[Exercise description]:
Look below for the line holding "by have [_ ->] := fD x x0; apply: df_le0." and the line holding "have [du _]". Repeat those two and everything between, exactly.

[Recorded information]:

(* With P, N the positive and negative parts of U - V - c, V - U = N - P - c;
   N x = 0 gives Q N x >= 0, and Q (- P) is bounded below via rate_bound. *)
Lemma lower_rate_subr_le U V (c : R) x : c < U x - V x ->
  Q U x - Q V x <= rate_bound * \sum_y Num.max (U y - V y - c) 0.
Proof.
move=> cx; set P := fun z => Num.max (U z - V z - c) 0.
set N := fun z => Num.max (c - (U z - V z)) 0.
have N_ge0 z : 0 <= N z by rewrite le_max lexx orbT.
have P_ge0 z : 0 <= P z by rewrite le_max lexx orbT.
have VUE : (fun z => V z - U z) = fun z => N z + - P z + - c.
  apply/funext => z; rewrite /N /P /=; have [h|h] := lerP (U z - V z - c) 0.
    by rewrite max_l; lra.
  by rewrite max_r; lra.
have QV : Q U x + Q (fun z => N z + - P z) x <= Q V x.
  have := lower_rate_superadd U (fun z => V z - U z) x.
  under [in X in _ <= X -> _]eq_fun do rewrite addrC subrK.
  by rewrite VUE lower_rate_addc.
have QNP := lower_rate_superadd N (fun z => - P z) x.
have QN : 0 <= Q N x by apply: lower_rate_ge0 => //; rewrite /N max_r //; lra.
have := lower_rate_opp_ge x P_ge0; lra.
Qed.

End LowerRateOperator.

Lemma sqr_sum_le_card (R : realFieldType) (X : finType) (a : X -> R) :
  (\sum_x a x) ^+ 2 <= #|X|%:R * \sum_x a x ^+ 2.
Proof.
have sqrE : (\sum_x a x) ^+ 2 = \sum_x \sum_y a x * a y.
  by rewrite expr2 mulr_suml; apply: eq_bigr => x _; rewrite mulr_sumr.
have pairE : \sum_x \sum_y (a x ^+ 2 + a y ^+ 2) = 2 * (#|X|%:R * \sum_x a x ^+ 2).
  under eq_bigr do rewrite big_split /=.
  rewrite big_split /= (eq_bigr (fun x => a x ^+ 2 *+ #|X|)) => [|x _]; last first.
    by rewrite sumr_const.
  by rewrite sumr_const (_ : #|xpredT| = #|X|) // sumrMnl -mulr_natl; ring.
rewrite sqrE -(ler_pM2l (_ : 0 < 2)) // -pairE mulr_sumr.
apply: ler_sum => x _; rewrite mulr_sumr; apply: ler_sum => y _.
by have := sqr_ge0 (a x - a y); rewrite sqrrB -mulr_natl; lra.
Qed.

Section RealAnalysis.
Variable R : realType.

Lemma is_derive_sqr_max0 (z : R) :
  is_derive z 1 (fun y : R => Num.max y 0 ^+ 2) (2 * Num.max z 0).
Proof.
have taylor (h : R) :
    `|Num.max (h + z) 0 ^+ 2 - Num.max z 0 ^+ 2 - 2 * Num.max z 0 * h| <= h ^+ 2.
  by rewrite ler_norml; case: (lerP 0 z); case: (lerP 0 (h + z)) => *;
    apply/andP; split; nra.
set f := fun y : R => Num.max y 0 ^+ 2.
have lim_quot : (fun h : R => h^-1 *: ((f \o shift z) (h *: 1) - f z)) @ 0^' -->
    2 * Num.max z 0.
  apply/cvgrPdist_le => e e0; near=> h.
  have h0 : h != 0 by near: h; exact: nbhs_dnbhs_neq.
  have he : `|h| < e by near: h; exact: (nbhs_dnbhs (nbhs0_lt e0)).
  have hpos : 0 < `|h| by rewrite normr_gt0.
  rewrite /f /= [h%:A]mulr1 -normrN opprB; apply: le_trans (ltW he).
  rewrite -(ler_pM2l hpos) -normrM mulrBr mulrA mulfV // mul1r.
  rewrite -normrM -expr2 [X in _ <= X]ger0_norm ?sqr_ge0 // (mulrC h).
  exact: taylor.
by apply: (DeriveDef (cvgP _ lim_quot)); apply: cvg_lim.
Unshelve. all: by end_near. Qed.

Lemma is_derive_sumr (I : Type) (r : seq I) (F : I -> R -> R) (dF : I -> R)
    (s : R) :
  (forall i, is_derive s 1 (F i) (dF i)) ->
  is_derive s 1 (fun t => \sum_(i <- r) F i t) (\sum_(i <- r) dF i).
Proof.
move=> FD; elim: r => [|i r IHr].
  rewrite big_nil (_ : (fun t => \sum_(j <- [::]) F j t) = cst 0).
    exact: is_derive_cst.
  by apply/funext => t; rewrite big_nil.
rewrite big_cons (_ : (fun t => \sum_(j <- i :: r) F j t) =
  F i + fun t => \sum_(j <- r) F j t); first exact: is_deriveD.
by apply/funext => t; rewrite big_cons.
Qed.

Lemma derive_le0_le_at0 (f df : R -> R) :
  f x @[x --> 0^'+] --> f 0 ->
  (forall s : R, 0 < s -> is_derive s 1 f (df s)) ->
  (forall s : R, 0 < s -> df s <= 0) ->
  forall b : R, 0 < b -> f b <= f 0.
Proof.
move=> f0 fD df_le0 b b0; apply: (cvgr_to_ge f0); near=> d.
have d0 : 0 < d by near: d; exact: nbhs_right_gt.
have db : d < b by near: d; exact: nbhs_right_lt.
have pos x : x \in `[d, b]%R -> 0 < x.
  by rewrite in_itv /= => /andP[+ _]; exact: lt_le_trans.
have f_cont : {within `[d, b], continuous f}.
  by apply: derivable_within_continuous => x /pos /fD [].
apply: (ler0_derive1_le_cc _ _ f_cont); rewrite ?in_itv /= ?lexx ?(ltW db) //.
- by move=> x /subset_itv_oo_cc /pos /fD [].
- move=> x /subset_itv_oo_cc /pos x0; rewrite derive1E.
  by have [_ ->] := fD x x0; apply: df_le0.
Unshelve. all: by end_near. Qed.

End RealAnalysis.

Section Comparison.
Variables (R : realType) (X : finType) (Q : (X -> R) -> X -> R).
Hypothesis HQ : lower_rate_op Q.

Definition rate_solution (u : R -> X -> R) := forall x,
  (forall s : R, 0 < s -> is_derive s 1 (fun t => u t x) (Q (u s) x)) /\
  (fun t => u t x) @ 0^'+ --> u 0 x.

Variables (u v : R -> X -> R) (c : R).
Hypotheses (u_sol : rate_solution u) (v_sol : rate_solution v)
  (uv0 : forall x, u 0 x - v 0 x <= c).

Let excess x t := u t x - v t x - c.
Let energy t := \sum_x Num.max (excess x t) 0 ^+ 2.
Let denergy s := \sum_x 2 * Num.max (excess x s) 0 * (Q (u s) x - Q (v s) x).
Let K := 2 * rate_bound Q * #|X|%:R.
Let damped t := energy t * expR (- K * t).

Lemma energy0 : energy 0 = 0.
Proof.
by rewrite /energy big1 // => x _; rewrite max_r ?expr0n // /excess subr_le0.
Qed.

Lemma is_derive_energy (s : R) : 0 < s -> is_derive s 1 energy (denergy s).
Proof.
move=> s0; apply: is_derive_sumr => x.
have [du _] := u_sol x; have [dv _] := v_sol x.
have dexcess := is_deriveB (is_deriveB (du s s0) (dv s s0)) (is_derive_cst c s 1).
rewrite subr0 in dexcess.
exact: is_derive1_comp (is_derive_sqr_max0 _) dexcess.
Qed.

(* Grönwall-type bound: the one-sided Lipschitz estimate and Cauchy-Schwarz. *)
Lemma denergy_le (s : R) : denergy s <= K * energy s.
Proof.
pose a x := Num.max (excess x s) 0; set S := \sum_y a y.
have a_ge0 x : 0 <= a x by rewrite le_max lexx orbT.
have termwise x :
    2 * a x * (Q (u s) x - Q (v s) x) <= 2 * a x * (rate_bound Q * S).
  rewrite /a; case: (lerP (excess x s) 0) => [_|pos].
    by rewrite mulr0 !mul0r.
  apply: ler_wpM2l; first by rewrite mulr_ge0 // ltW.
  by apply: (lower_rate_subr_le HQ); rewrite -subr_gt0.
apply: le_trans (ler_sum _ (fun x _ => termwise x)) _.
have := sqr_sum_le_card a; have := rate_bound_ge0 Q.
rewrite -mulr_suml -mulr_sumr -/S /K /energy (eq_bigr (fun x => a x ^+ 2)) //.
by move=> B_ge0 sum_le; nra.
Qed.

Lemma damped_right_cont : damped t @[t --> 0^'+] --> damped 0.
Proof.
apply: cvgM.
  apply: cvg_big => [|x _]; first exact: add_continuous.
  have [_ u0] := u_sol x; have [_ v0] := v_sol x.
  have sqr_max0_cont : {for excess x 0, continuous (fun y : R => Num.max y 0 ^+ 2)}.
    apply: differentiable_continuous; apply/derivable1_diffP.
    by case: (is_derive_sqr_max0 (excess x 0)).
  exact: cvg_comp (cvgB (cvgB u0 v0) (cvg_cst c)) sqr_max0_cont.
apply: cvg_at_right_filter.
apply: (@continuous_comp _ _ _ ( *%R (- K)) expR).
  exact: mulrl_continuous.
exact: continuous_expR.
Qed.

Lemma is_derive_damped (s : R) : 0 < s ->
  is_derive s 1 damped (expR (- K * s) * (denergy s - K * energy s)).
Proof.
move=> s0; have dexp := is_derive1_comp (is_derive_expR (- K * s))
  (is_deriveZ (- K) (is_derive_id s 1)).
apply: is_derive_eq (is_deriveM (is_derive_energy s0) dexp) _.
rewrite [(- K)%:A]mulr1.
change (energy s * (expR (- K * s) * - K) + expR (- K * s) * denergy s =
  expR (- K * s) * (denergy s - K * energy s)); ring.
Qed.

[Answer box]:
  by have [_ ->] := fD x x0; apply: df_le0.
Unshelve. all: by end_near. Qed.

End RealAnalysis.

Section Comparison.
Variables (R : realType) (X : finType) (Q : (X -> R) -> X -> R).
Hypothesis HQ : lower_rate_op Q.

Definition rate_solution (u : R -> X -> R) := forall x,
  (forall s : R, 0 < s -> is_derive s 1 (fun t => u t x) (Q (u s) x)) /\
  (fun t => u t x) @ 0^'+ --> u 0 x.

Variables (u v : R -> X -> R) (c : R).
Hypotheses (u_sol : rate_solution u) (v_sol : rate_solution v)
  (uv0 : forall x, u 0 x - v 0 x <= c).

Let excess x t := u t x - v t x - c.
Let energy t := \sum_x Num.max (excess x t) 0 ^+ 2.
Let denergy s := \sum_x 2 * Num.max (excess x s) 0 * (Q (u s) x - Q (v s) x).
Let K := 2 * rate_bound Q * #|X|%:R.
Let damped t := energy t * expR (- K * t).

Lemma energy0 : energy 0 = 0.
Proof.
by rewrite /energy big1 // => x _; rewrite max_r ?expr0n // /excess subr_le0.
Qed.

Lemma is_derive_energy (s : R) : 0 < s -> is_derive s 1 energy (denergy s).
Proof.
move=> s0; apply: is_derive_sumr => x.
have [du _] := u_sol x; have [dv _] := v_sol x.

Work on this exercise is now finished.